What is the Right to be Forgotten?
The General Data Protection Regulation (GDPR), which came into force in May 2018, provides people with more control over how their personal data is collected and used. Organisations must comply with strict rules around how they handle this information.
Children and GDPR
Children have the exact same data protection rights as adults. These include the right to access their personal data, request rectification, object to processing, and to have their personal data erased. There are even child-specific protections under the GDPR. For example, organisations need to make sure that they provide transparent information in clear language that the child can understand.
The Digital Age of Consent
In Ireland the digital age of consent has been set at 16. This means that organisations and online services must get parental consent before they collect or use the data of anyone under that age. Most social media platforms require users to be 13 years-old to access and use their services.
What is the ‘Right to be forgotten’?
The Right of Erasure is among your rights under the GDPR – it is also known as ‘Right to be Forgotten’. This means that, in certain circumstances, you can ask an organisation to delete your personal information, or ask a search engine to remove links to content about you that is inadequate, irrelevant or excessive.

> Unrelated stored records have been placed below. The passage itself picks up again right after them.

Lemma alg1_run_diamond G S Vc Ec X1 X2 : hall_balanced S ->
  min_self_contained E S X1 -> min_self_contained E S X2 -> X1 != X2 ->
  exists out,
    alg1_run E G (S :\: cluster S X1) (cluster S X1 |: Vc) (Ec :|: cluster_edges G S X1) out /\
    alg1_run E G (S :\: cluster S X2) (cluster S X2 |: Vc) (Ec :|: cluster_edges G S X2) out.
Proof.
move=> bal m1 m2 neqX; have [X1F t1] := min_self_contained_tight bal m1.
have bal1 := hall_balanced_setD bal X1F t1.
have [e21 m21] := min_self_contained_setD bal m1 m2 neqX.
have [X2F' t2'] := min_self_contained_tight bal1 m21.
have cl21 : cluster (S :\: cluster S X1) X2 = cluster S X2 by rewrite /cluster e21.
have := hall_balanced_setD bal1 X2F' t2'; rewrite cl21 => bal12.
have [out run] := alg1_run_exists G (cluster S X2 |: (cluster S X1 |: Vc))
  (Ec :|: cluster_edges G S X1 :|: cluster_edges G S X2) bal12.
exists out; split; first exact: alg1_run_after_setD bal m1 m2 neqX run.
apply: (alg1_run_after_setD bal m2 m1); first by rewrite eq_sym.
by rewrite setUCA setUAC setDDl setUC -setDDl.
Qed.

Lemma alg1_run_unique G S Vc Ec o1 o2 : hall_balanced S ->
  alg1_run E G S Vc Ec o1 -> alg1_run E G S Vc Ec o2 -> o1 = o2.
Proof.
have [n] := ubnP #|S|; elim: n S Vc Ec o1 o2 => // n IHn S Vc Ec o1 o2 ltSn bal r1 r2.
case: (alg1_run_inv r1) (alg1_run_inv r2) => {r1 r2} [[S0 ->]|[X1 m1 r1]] [[S0' ->]|[X2 m2 r2]] //.
- by have := min_self_contained_neq0 m2; rewrite S0 eqxx.
- by have := min_self_contained_neq0 m1; rewrite S0' eqxx.
have IH X Vc' Ec' o o' : min_self_contained E S X ->
    alg1_run E G (S :\: cluster S X) Vc' Ec' o ->
    alg1_run E G (S :\: cluster S X) Vc' Ec' o' -> o = o'.
  move=> mX; have [XF tX] := min_self_contained_tight bal mX.
  apply: (IHn _ _ _ _ _ _ (hall_balanced_setD bal XF tX)).
  by have := card_setD_cluster_lt mX; lia.
have [eX|neqX] := eqVneq X1 X2; first by move: r2; rewrite -eX; exact: IH m1 r1.
have [o [r1' r2']] := alg1_run_diamond G Vc Ec bal m1 m2 neqX.
by rewrite (IH _ _ _ _ _ m1 r1 r1') (IH _ _ _ _ _ m2 r2 r2').
Qed.

End SelfContained.

Section Matching.
Variables (V F : finType) (E : V -> F -> bool) (W : {set V}).
Local Notation vtx := (vtx V F).
Local Notation Bp := (Bp F W).
Local Notation adjBp := (adjBp E W).
Local Notation alt_path := (alt_path E W).
Local Notation matching := (matching E W).
Implicit Types (M : {set (V * F)}) (X Z : {set vtx}) (x y z u : vtx) (p : seq vtx) (b : bool).

Lemma inMC M x y : inM M x y = inM M y x.
Proof. by case: x; case: y. Qed.

Lemma adjBpC x y : adjBp x y = adjBp y x.
Proof. by rewrite /adjBp adjvC andbCA. Qed.

Lemma adjBp_isV x y : adjBp x y -> isV y = ~~ isV x.
Proof. by case/and3P => _ _; apply: adjv_isV. Qed.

Children have special protection because they may be less aware of the risks of giving their information to organisations. Even if you are an adult now, you have the right to have your data erased because it was collected from you when you were a child.
However, there are some restrictions on the right to be forgotten, especially when there is a public interest in the information.
When can I ask an organisation to delete my personal data?
You can ask for your personal data to be deleted when, for example, the company that has your information no longer needs it, you have withdrawn your consent, or you object to the processing of your data.
More details about the grounds that apply to this can be found at the Data Protection Commission website.
What happens when an organisation is required to delete your personal data?
The organisation should delete your personal data, and also take steps to tell anyone it has shared your information with that you have requested the data is deleted. The only exception is if this would be impossible or would involve disproportionate effort.
Are there situations where the Right to be Forgotten doesn’t apply?
Yes, certain grounds do need to apply for a person to have the right to be forgotten. These include where there is also a right to freedom of expression, because of legal obligations, or if there is a public interest in the information.
Additional information about all your rights under the GDPR can be found on the Data Protection Commission website.
The DPC are the authority in Ireland who are responsible for upholding the right of individuals in the EU to have their personal data protected.